__WORK TO COMPLETE__.
Your answer must hold only the lines below from the line containing "Definition cpow (a" through the line containing "Definition gauss_seq (z", each reproduced exactly.

(Items listed in a dataset)
(* Let $n$ be a non-negative integer. Then \[ \sum_{k=0}^{n}(-1)^k\binom{n}{k}2^{-2k}\binom{2k}{k}H_k^{(2)}=\binom{2n}{n}2^{-2n}H_n^{(2)}-\sum_{k=0}^{n-1}\frac{H_n-H_k}{n-k}\binom{2k}{k}2^{-2k}, \] and, more generally, for all complex numbers $u,v$ with $\Re u>-1$ and $\Re v>-1$, \[ \begin{aligned} &\sum_{k=0}^{n}(-1)^k\binom{n}{k}2^{-2k}\binom{2k+v}{(2k+v)/2}\binom{(2k+u+v)/2}{u/2}^{-1}H_k^{(2)}\\ &\quad=\binom{v}{v/2}\binom{u}{u/2}^{-1}\binom{2n+u}{(2n+u)/2}\binom{(2n+u+v)/2}{v/2}^{-1}2^{-2n}H_n^{(2)}\\ &\qquad-\binom{v}{v/2}\binom{u}{u/2}^{-1}\sum_{k=0}^{n-1}\frac{H_n-H_k}{n-k}\binom{2k+u}{(2k+u)/2}2^{-2k}\binom{(2k+u+v)/2}{v/2}^{-1}. \end{aligned} \]
   Context: For integers $m\ge0$, $H_m=\sum_{j=1}^m 1/j$ and $H_m^{(2)}=\sum_{j=1}^m 1/j^2$. Binomial coefficients with complex entries: $\binom{x}{y}=\frac{\Gamma(x+1)}{\Gamma(y+1)\Gamma(x-y+1)}$. *)

From Stdlib Require Import Reals List Factorial.
From Coquelicot Require Import Coquelicot.

Definition rsum (f : nat -> R) (m : nat) : R :=
  fold_right (fun k acc => (f k + acc)%R) 0%R (seq 0 m).
Definition csum (f : nat -> C) (m : nat) : C :=
  fold_right (fun k acc => (f k + acc)%C) (RtoC 0) (seq 0 m).
Definition cprod (f : nat -> C) (m : nat) : C :=
  fold_right (fun k acc => (f k * acc)%C) (RtoC 1) (seq 0 m).

Definition H (m : nat) : R := rsum (fun j => / INR (S j)) m.
Definition H2 (m : nat) : R := rsum (fun j => / (INR (S j) ^ 2)) m.

(* a^z = exp(z ln a) for a real a > 0 and complex z *)
Definition cpow (a : R) (z : C) : C :=
  (RtoC (exp (Re z * ln a)) * (cos (Im z * ln a), sin (Im z * ln a)))%C.

(* Euler's Gamma function via Gauss' limit formula
   Gamma z = lim_{n->oo} n! n^z / (z (z+1) ... (z+n)),
   valid for z not a non-positive integer (the limit is taken separately
   on real and imaginary parts). *)
Definition gauss_seq (z : C) (n : nat) : C :=
  (RtoC (INR (fact n)) * cpow (INR n) z
   / cprod (fun j => z + RtoC (INR j)) (S n))%C.
Definition CGamma (z : C) : C :=
  (real (Lim_seq (fun n => Re (gauss_seq z n))),
   real (Lim_seq (fun n => Im (gauss_seq z n)))).

Definition cbinom (x y : C) : C :=
  (CGamma (x + 1) / (CGamma (y + 1) * CGamma (x - y + 1)))%C.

__SOLUTION TO THIS TASK__.
Definition cpow (a : R) (z : C) : C :=
  (RtoC (exp (Re z * ln a)) * (cos (Im z * ln a), sin (Im z * ln a)))%C.

(* Euler's Gamma function via Gauss' limit formula
   Gamma z = lim_{n->oo} n! n^z / (z (z+1) ... (z+n)),
   valid for z not a non-positive integer (the limit is taken separately
   on real and imaginary parts). *)
Definition gauss_seq (z : C) (n : nat) : C :=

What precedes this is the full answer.